As for democracy, again, Karzai set the tone. His own electoral legitimacy rests on a 2009 poll, which he won only through ballot stuffing, voter intimidation and other (well-documented) chicanery.
It’s true that the negotiations proposed in London were predicated on Taliban acceptance of the Afghan constitution. Yet few people realise that that document, cobbled together by Karzai’s warlord allies, declares Afghanistan to be “an Islamic Republic” and states that “no law can be contrary to the beliefs and provisions of the sacred religion of Islam”.
Could the Taliban accept such a constitution? It’s hard to see why they couldn’t.
As Winston Churchill said, to jaw–jaw is always better than to war–war, especially in Afghanistan where the people have endured decades of continuous conflict.
But it’s odd there hasn’t been more discussion of how, nine years into the occupation, we’re countenancing negotiations on terms significantly worse than those offered before the war actually began.
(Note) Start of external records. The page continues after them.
(* Let $w\in S_\infty$ and $i\ge1$ with $l(ws_i)=l(w)-1$, and let $D\in\mathcal P(w)$. If $\mathrm{mitosis}_i(D)\neq\emptyset$, then either $\mathrm{mitosis}_i(D)\subseteq\mathcal P(ws_i)$ or $\mathrm{mitosis}_i(D)\subseteq\mathcal P(w)$.
   Context: Permutations: $S_\infty=\bigcup_n S_n$ is generated by the simple transpositions $s_a=(a\ a{+}1)$, $a\ge 1$; $l(w)$ is the Coxeter length of $w$. A pipe dream is a finite subset $D\subset\mathbb{Z}_{>0}\times\mathbb{Z}_{>0}$; its elements $(r,c)$ are called crosses (in row $r$, column $c$). The reading word of $D$ is obtained by listing the crosses row by row from top to bottom, within each row from right to left (decreasing $c$), and recording for each cross $(r,c)$ its antidiagonal index $r+c-1$; this gives a word $(a_1,\dots,a_k)$. For $u\in S_\infty$ put $u\star s_a=us_a$ if $l(us_a)=l(u)+1$ and $u\star s_a=u$ otherwise. The Demazure product of $D$ is $\delta(D)=(\cdots((e\star s_{a_1})\star s_{a_2})\cdots)\star s_{a_k}$. For $w\in S_\infty$, $\mathcal P(w)=\{D:\delta(D)=w\}$. Mitosis: for a pipe dream $D$ and row index $i$, let $\mathrm{start}_i(D)=\min\{c\ge 1:(i,c)\notin D\}$ and $\mathcal J_i(D)=\{c<\mathrm{start}_i(D): (i+1,c)\notin D\}$. For $p\in\mathcal J_i(D)$ let $D_p=\big(D\setminus(\{(i,p)\}\cup\{(i,c):c\in\mathcal J_i(D),c<p\})\big)\cup\{(i+1,c):c\in\mathcal J_i(D),c<p\}$ (delete $(i,p)$ and move each cross $(i,c)$, $c\in\mathcal J_i(D)$, $c<p$, down to $(i+1,c)$). Then $\mathrm{mitosis}_i(D)=\{D_p:p\in\mathcal J_i(D)\}$ (empty if $\mathcal J_i(D)=\emptyset$). *)

From mathcomp Require Import all_boot.
Set Implicit Arguments. Unset Strict Implicit. Unset Printing Implicit Defensive.

(* ---------- Elements of S_infinity ----------
   A permutation w of Z_{>0} fixing all but finitely many points is encoded by
   its one-line notation [:: w(1); ...; w(n)] with all trailing fixed points
   removed (so Leibniz equality of encodings = equality of permutations);
   w(k) = k for k > n. *)

Definition is_sinf (w : seq nat) : bool :=
  perm_eq w (iota 1 (size w)) && ((w == [::]) || (last 0 w != size w)).

Definition pv (w : seq nat) (x : nat) : nat :=
  if (0 < x) && (x <= size w) then nth 0 w x.-1 else x.

Definition sw (a x : nat) : nat :=
  if x == a then a.+1 else if x == a.+1 then a else x.

Fixpoint trimn (n : nat) (s : seq nat) : seq nat :=
  if n is m.+1 then (if nth 0 s m == n then trimn m s else take n s) else [::].
Definition trim (s : seq nat) : seq nat := trimn (size s) s.

Definition rmul (w : seq nat) (a : nat) : seq nat :=
  trim (mkseq (fun k => pv w (sw a k.+1)) (maxn (size w) a.+1)).

(* Coxeter length = number of inversions: pairs of positions i < j with w(i) > w(j) *)
Definition len (w : seq nat) : nat :=
  sumn [seq count (fun i => nth 0 w j < nth 0 w i) (iota 0 j)
       | j <- iota 0 (size w)].

Definition dstar (u : seq nat) (a : nat) : seq nat :=
  if len (rmul u a) == (len u).+1 then rmul u a else u.

(* ---------- Pipe dreams ----------
   A pipe dream is a finite subset of Z_{>0} x Z_{>0}, encoded as a list of
   crosses (r, c); only membership matters. *)

Definition pipe_dream (D : seq (nat * nat)) : bool :=
  all (fun x => (0 < x.1) && (0 < x.2)) D.

Definition maxrow (D : seq (nat * nat)) : nat := foldr maxn 0 (map fst D).
Definition maxcol (D : seq (nat * nat)) : nat := foldr maxn 0 (map snd D).

Definition reading_word (D : seq (nat * nat)) : seq nat :=
  flatten [seq [seq r + c - 1 | c <- rev (iota 1 (maxcol D)) & (r, c) \in D]
          | r <- iota 1 (maxrow D)].

Definition demazure (D : seq (nat * nat)) : seq nat :=
  foldl dstar [::] (reading_word D).

Definition start (i : nat) (D : seq (nat * nat)) : nat :=
  (find (fun k => (i, k.+1) \notin D) (iota 0 (size D).+1)).+1.

Definition Jset (i : nat) (D : seq (nat * nat)) : seq nat :=
  [seq c <- iota 1 (start i D).-1 | (i.+1, c) \notin D].

Definition Dp (i : nat) (D : seq (nat * nat)) (p : nat) : seq (nat * nat) :=
  [seq x <- D | (x != (i, p)) &&
                ~~ [&& x.1 == i, x.2 \in Jset i D & x.2 < p]]
  ++ [seq (i.+1, c) | c <- Jset i D & c < p].

Definition mitosis (i : nat) (D : seq (nat * nat)) : seq (seq (nat * nat)) :=
  [seq Dp i D p | p <- Jset i D].

From mathcomp Require Import all_boot zify.
From Stdlib Require Import FunctionalExtensionality.
Set Implicit Arguments. Unset Strict Implicit. Unset Printing Implicit Defensive.

(* The Demazure product acts on one-line notations by the 0-Hecke rule
   u * s_a = u s_a if u(a) < u(a+1) and u otherwise, and this action satisfies the
   commutation and braid relations.  Mitosis only changes rows i and i+1 in the columns
   before start_i(D), where row i of D is full; braid moves through that full run show
   that, up to these relations, the reading word of D is the reading word of any D_p
   followed by the letter i, and that all D_p have equivalent reading words.  Hence all
   D_p share one Demazure product g and w = g * s_i, so either w = g s_i, i.e.
   g = w s_i, or w = g. *)

Lemma swL a : sw a a = a.+1. Proof. by rewrite /sw eqxx. Qed.

Lemma swR a : sw a a.+1 = a.
Proof. by rewrite /sw eqxx; case: ifP => //; lia. Qed.

Lemma swD a x : x != a -> x != a.+1 -> sw a x = x.
Proof. by rewrite /sw => /negPf -> /negPf ->. Qed.

Lemma swP a x : [\/ x = a /\ sw a x = a.+1, x = a.+1 /\ sw a x = a |
   [/\ x != a, x != a.+1 & sw a x = x]].
Proof.
case: (eqVneq x a) => [->|xa]; first by constructor 1; rewrite swL.
case: (eqVneq x a.+1) => [->|xa1]; first by constructor 2; rewrite swR.
by constructor 3; rewrite swD.
Qed.

Lemma swK a : involutive (sw a).
Proof. by move=> x; case: (swP a x) => [[-> ->]|[-> ->]|[_ _ e]]; rewrite ?swL ?swR ?e ?e. Qed.

Lemma sw_gt0 a x : 0 < a -> 0 < x -> 0 < sw a x.
Proof. by case: (swP a x) => [[-> ->]|[-> ->]|[_ _ ->]]. Qed.

Lemma sw_ltn a x N : x < N.+1 -> a.+1 <= N -> sw a x < N.+1.
Proof. by case: (swP a x) => [[-> ->]|[-> ->]|[_ _ ->]]; lia. Qed.

(** * The 0-Hecke action on one-line functions *)

Definition hecke_step (f : nat -> nat) (a : nat) : nat -> nat :=
  fun x => if f a < f a.+1 then f (sw a x) else f x.

Definition hecke_act (f : nat -> nat) (l : seq nat) : nat -> nat :=
  foldl hecke_step f l.

Definition hecke_eq (l1 l2 : seq nat) : Prop :=
  forall f, hecke_act f l1 = hecke_act f l2.

Lemma hecke_act_cat f l1 l2 :
  hecke_act f (l1 ++ l2) = hecke_act (hecke_act f l1) l2.
Proof. exact: foldl_cat. Qed.

Lemma hecke_eq_sym l1 l2 : hecke_eq l1 l2 -> hecke_eq l2 l1.
Proof. by move=> h f. Qed.

Lemma hecke_eq_trans l2 l1 l3 : hecke_eq l1 l2 -> hecke_eq l2 l3 -> hecke_eq l1 l3.
Proof. by move=> h12 h23 f; rewrite h12. Qed.

Lemma hecke_eq_cat2l s l1 l2 : hecke_eq l1 l2 -> hecke_eq (s ++ l1) (s ++ l2).
Proof. by move=> h f; rewrite !hecke_act_cat h. Qed.

Lemma hecke_eq_cat2r s l1 l2 : hecke_eq l1 l2 -> hecke_eq (l1 ++ s) (l2 ++ s).
Proof. by move=> h f; rewrite !hecke_act_cat h. Qed.

Lemma hecke_eq_cons x l1 l2 : hecke_eq l1 l2 -> hecke_eq (x :: l1) (x :: l2).
Proof. exact: (hecke_eq_cat2l [:: x]). Qed.

Lemma hecke_comm a b : a.+1 < b -> hecke_eq [:: a; b] [:: b; a].
Proof.
move=> ab f; rewrite /hecke_act /= /hecke_step; apply: functional_extensionality => x.
have e1 : sw a b = b by rewrite swD //; lia.
have e2 : sw a b.+1 = b.+1 by rewrite swD //; lia.
have e3 : sw b a = a by rewrite swD //; lia.
have e4 : sw b a.+1 = a.+1 by rewrite swD //; lia.
rewrite e1 e2 e3 e4 !if_same.
case: (f a < f a.+1); case: (f b < f b.+1) => //.
case: (swP a x) => [[-> ->]|[-> ->]|[_ _ ea]]; first by rewrite e3 swL e4.
  by rewrite e4 swR e3.
by rewrite ea; case: (swP b x) => [[-> ->]|[-> ->]|[_ _ ->]]; rewrite ?e1 ?e2 ?ea.
Qed.

Lemma hecke_braid k : hecke_eq [:: k.+1; k; k.+1] [:: k; k.+1; k].
Proof.
move=> f; rewrite /hecke_act /= /hecke_step; apply: functional_extensionality => x.
have r1 : sw k k.+2 = k.+2 by rewrite swD //; lia.
have r2 : sw k.+1 k = k by rewrite swD //; lia.
rewrite !(swL, swR, r1, r2) !if_same.
have [->|[->|[->|[e1 e2]]]] : x = k \/ x = k.+1 \/ x = k.+2 \/
   (sw k x = x /\ sw k.+1 x = x).
  case: (swP k x) => [[-> _]|[-> _]|[_ _ e1]]; [by left|by right; left|].
  case: (swP k.+1 x) => [[-> _]|[-> _]|[_ _ e2]]; [by right; left|by do 2 right; left|].
  by do 3 right.
- by rewrite !(swL, swR, r1, r2); do ! case: ifP => //=; lia.
- by rewrite !(swL, swR, r1, r2); do ! case: ifP => //=; lia.
- by rewrite !(swL, swR, r1, r2); do ! case: ifP => //=; lia.
by rewrite !(e1, e2); do ! case: ifP => //=; lia.
Qed.

Definition distant (x y : nat) : bool := (x.+1 < y) || (y.+1 < x).

Lemma distantC x y : distant x y = distant y x.
Proof. by rewrite /distant orbC. Qed.

Lemma hecke_comm_distant a b : distant a b -> hecke_eq [:: a; b] [:: b; a].
Proof. by case/orP => h; [apply: hecke_comm|apply/hecke_eq_sym/hecke_comm]. Qed.

Lemma hecke_comm_letter a Y : {in Y, forall y, distant a y} ->
  hecke_eq (a :: Y) (Y ++ [:: a]).
Proof.
elim: Y => [|y Y IH] aY //=.
apply: (@hecke_eq_trans [:: y, a & Y]).
  by apply: (hecke_eq_cat2r Y (hecke_comm_distant _)); apply: aY; rewrite inE eqxx.
by apply/hecke_eq_cons/IH => z zY; apply: aY; rewrite inE zY orbT.
Qed.

Lemma hecke_comm_cat X Y : {in X & Y, forall x y, distant x y} ->
  hecke_eq (X ++ Y) (Y ++ X).
Proof.
elim: X => [|x X IH] XY /=; first by rewrite cats0.
apply: (@hecke_eq_trans (x :: (Y ++ X))).
  by apply/hecke_eq_cons/IH => a b aX bY; apply: XY; rewrite ?inE ?aX ?orbT.
rewrite -cat1s catA -cat_rcons -cats1.
by apply/hecke_eq_cat2r/hecke_comm_letter => y yY; apply: XY; rewrite ?inE ?eqxx.
Qed.

Definition down (a n : nat) : seq nat := rev (iota a n).

Lemma mem_down x a n : (x \in down a n) = (a <= x < a + n).
Proof. by rewrite mem_rev mem_iota. Qed.

Lemma down_cat a m n : down a (m + n) = down (a + m) n ++ down a m.
Proof. by rewrite /down iotaD rev_cat. Qed.

Lemma downSl a n : down a n.+1 = down a.+1 n ++ [:: a].
Proof. by rewrite /down /= rev_cons cats1. Qed.

Lemma downSr a n : down a n.+1 = (a + n) :: down a n.
Proof. by rewrite -addn1 down_cat /down /= -?addn1. Qed.

Lemma map_addn_down t a n : map (fun c => t + c) (down a n) = down (t + a) n.
Proof. by rewrite map_rev -iotaDl. Qed.

Lemma map_succ_down a n : map succn (down a n) = down a.+1 n.
Proof. exact: (map_addn_down 1). Qed.

Lemma map_addSn_down t a n : map (fun c => (t + c).+1) (down a n) = down (t + a).+1 n.
Proof. by rewrite -addSn -map_addn_down. Qed.

(* A letter k+1 crosses a decreasing run through k+1, k by one braid move, leaving as k. *)
Lemma hecke_down_shift a n k : a <= k -> k.+2 <= a + n ->
  hecke_eq (down a n ++ [:: k.+1]) (k :: down a n).
Proof.
move=> ak kn.
have -> : down a n = down k.+2 (n - (k - a) - 2) ++ [:: k.+1; k] ++ down a (k - a).
  have en : n = (k - a) + (2 + (n - (k - a) - 2)) by lia.
  have ak' : a + (k - a) = k by lia.
  by rewrite {1}en !down_cat -catA ak' addn2.
rewrite /= -!catA /=.
set H := down k.+2 _; set L := down a (k - a).
have farL : {in L, forall x, distant k.+1 x}.
  by move=> x; rewrite mem_down /distant; lia.
have farH : {in H, forall x, distant k x}.
  by move=> x; rewrite mem_down /distant; lia.
apply: (@hecke_eq_trans (H ++ [:: k.+1, k, k.+1 & L])).
  by apply/hecke_eq_cat2l/hecke_eq_cons/hecke_eq_cons/hecke_eq_sym/hecke_comm_letter.
apply: (@hecke_eq_trans (H ++ [:: k, k.+1, k & L])).
  exact/hecke_eq_cat2l/(hecke_eq_cat2r L (hecke_braid k)).
have -> : H ++ [:: k, k.+1, k & L] = (H ++ [:: k]) ++ [:: k.+1, k & L] by rewrite -catA.
have -> : k :: H ++ [:: k.+1, k & L] = ([:: k] ++ H) ++ [:: k.+1, k & L] by [].
exact/hecke_eq_cat2r/hecke_eq_sym/hecke_comm_letter.
Qed.

Lemma hecke_down_shift_seq a n L : {in L, forall x, a <= x /\ x.+2 <= a + n} ->
  hecke_eq (down a n ++ map succn L) (L ++ down a n).
Proof.
elim: L => [|x L IH] hL /=; first by rewrite cats0.
apply: (@hecke_eq_trans ((x :: down a n) ++ map succn L)); last first.
  by apply/hecke_eq_cons/IH => y yL; apply: hL; rewrite inE yL orbT.
rewrite -cat1s catA; apply: hecke_eq_cat2r.
by have [ax xn] := hL x (mem_head _ _); exact: hecke_down_shift.
Qed.

Lemma hecke_down_pass B m X : {in X & down B m.+1, forall x y, distant x y} ->
  hecke_eq (down B m.+1 ++ X ++ down B.+1 m) (down B m ++ X ++ down B m.+1).
Proof.
move=> farX.
have farX' : {in X & down B.+1 m, forall x y, distant x y}.
  by move=> x y xX; rewrite mem_down => yB; apply: farX => //; rewrite mem_down; lia.
apply: (@hecke_eq_trans (down B m.+1 ++ down B.+1 m ++ X)).
  exact/hecke_eq_cat2l/hecke_comm_cat.
apply: (@hecke_eq_trans ((down B m ++ down B m.+1) ++ X)); last first.
  by rewrite -catA; apply/hecke_eq_cat2l/hecke_comm_cat => x y xB yX; rewrite distantC farX.
rewrite catA; apply: hecke_eq_cat2r.
by rewrite -map_succ_down; apply: hecke_down_shift_seq => x; rewrite mem_down; lia.
Qed.

(** * Two rows of a pipe dream under mitosis *)

(* The reading word of rows t+1 and t+2 restricted to the columns 1..n, with crosses P and Q. *)
Definition two_row_word (t n : nat) (P Q : pred nat) : seq nat :=
  map (fun c => t + c) (filter P (down 1 n)) ++
  map (fun c => (t + c).+1) (filter Q (down 1 n)).
(* Let $n\geqslant 0$, $r\geqslant 1$ and $d_1,\dots,d_r>1$ be integers, let $X_n(\underline{d})=X_n(d_1,\dots,d_r)\subset\mathbb{C}P^{n+r}$ be a complete intersection with canonical bundle $K$, and set $c_1=n+r+1-\sum_{i=1}^r d_i$. Let $N$ be a positive integer with $c_1\equiv 0\pmod N$. Then for every integer $k$ with $0\leqslant k\leqslant N$: (1) If $c_1>0$, then $\chi(X_n(\underline{d}),K^{k/N})=1$ if $k=0$, $=0$ if $0<k<N$, and $=(-1)^n$ if $k=N$. (2) If $c_1=0$, then $\chi(X_n(\underline{d}),K^{k/N})=1+(-1)^n$. (3) If $c_1<0$, then $(-1)^n\chi(X_n(\underline{d}),K^{k/N})\geqslant \binom{n+1-\frac{N-k}{N}c_1}{n+1}+(-1)^n\binom{n+1-\frac{k}{N}c_1}{n+1}$ if $0\leqslant \frac{k}{N}\leqslant\frac12$; $\chi(X_n(\underline{d}),K^{k/N})=0$ if $\frac{k}{N}=\frac12$ and $n$ is odd; $\chi(X_n(\underline{d}),K^{k/N})\geqslant \binom{n+1-\frac{k}{N}c_1}{n+1}+(-1)^n\binom{n+1-\frac{N-k}{N}c_1}{n+1}$ if $\frac12\leqslant \frac{k}{N}\leqslant 1$.
   Context: A complete intersection $X_n(d_1,\dots,d_r)\subset\mathbb{C}P^{n+r}$ is a compact complex $n$-dimensional manifold given as the transversal intersection of $r$ nonsingular hypersurfaces of degrees $d_1,\dots,d_r$. Its first Chern class is $c_1 x$ with $c_1=n+r+1-\sum_i d_i$, where $x$ is the pullback of the hyperplane class, generating $H^2\cong\mathbb{Z}$. For a compact complex $n$-manifold $M$ with canonical bundle $K$ and a rational number $s$, $\chi(M,K^{s})$ denotes the genus with characteristic power series $Q(x)=e^{-sx}\frac{x}{1-e^{-x}}$, i.e. $\chi(M,K^s)=\big(e^{-s\,c_1(M)}\,{\rm td}(TM)\big)[M]$ (for $s=0$ this is the Todd genus; for $s=1/2$ the $\hat A$-genus). Generalized binomial coefficients: $\binom{a}{m}=\frac{a(a-1)\cdots(a-m+1)}{m!}$. *)

From HB Require Import structures.
From mathcomp Require Import all_boot all_order all_algebra.
Set Implicit Arguments. Unset Strict Implicit. Unset Printing Implicit Defensive.
Import Order.TTheory GRing.Theory Num.Theory.
Local Open Scope ring_scope.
That is, in 2001, a deal with the Taliban would have meant accepting a repressive and authoritarian government in return for the capture of bin Laden. Negotiations at that point would have spared tens of thousands of lives, and saved the $172 billion the war is currently estimated to have cost. Had that extraordinary amount of money gone to, say, alleviate Afghan poverty and promote development rather than funding an occupation, it might even have spurred a civil society capable of challenging the Taliban from within.
Instead, however, bin Laden’s still free and Afghanistan remains as impoverished and miserable as ever, even as we accept (in fact, fund) a repressive and authoritarian government in the form of Karzai and his gang. And now the Taliban, whether by negotiation or military success, seem almost certain to play some role in a future Afghan government.
So nine years of bloodshed and death, and billions upon billions of dollars spent. What was it all for?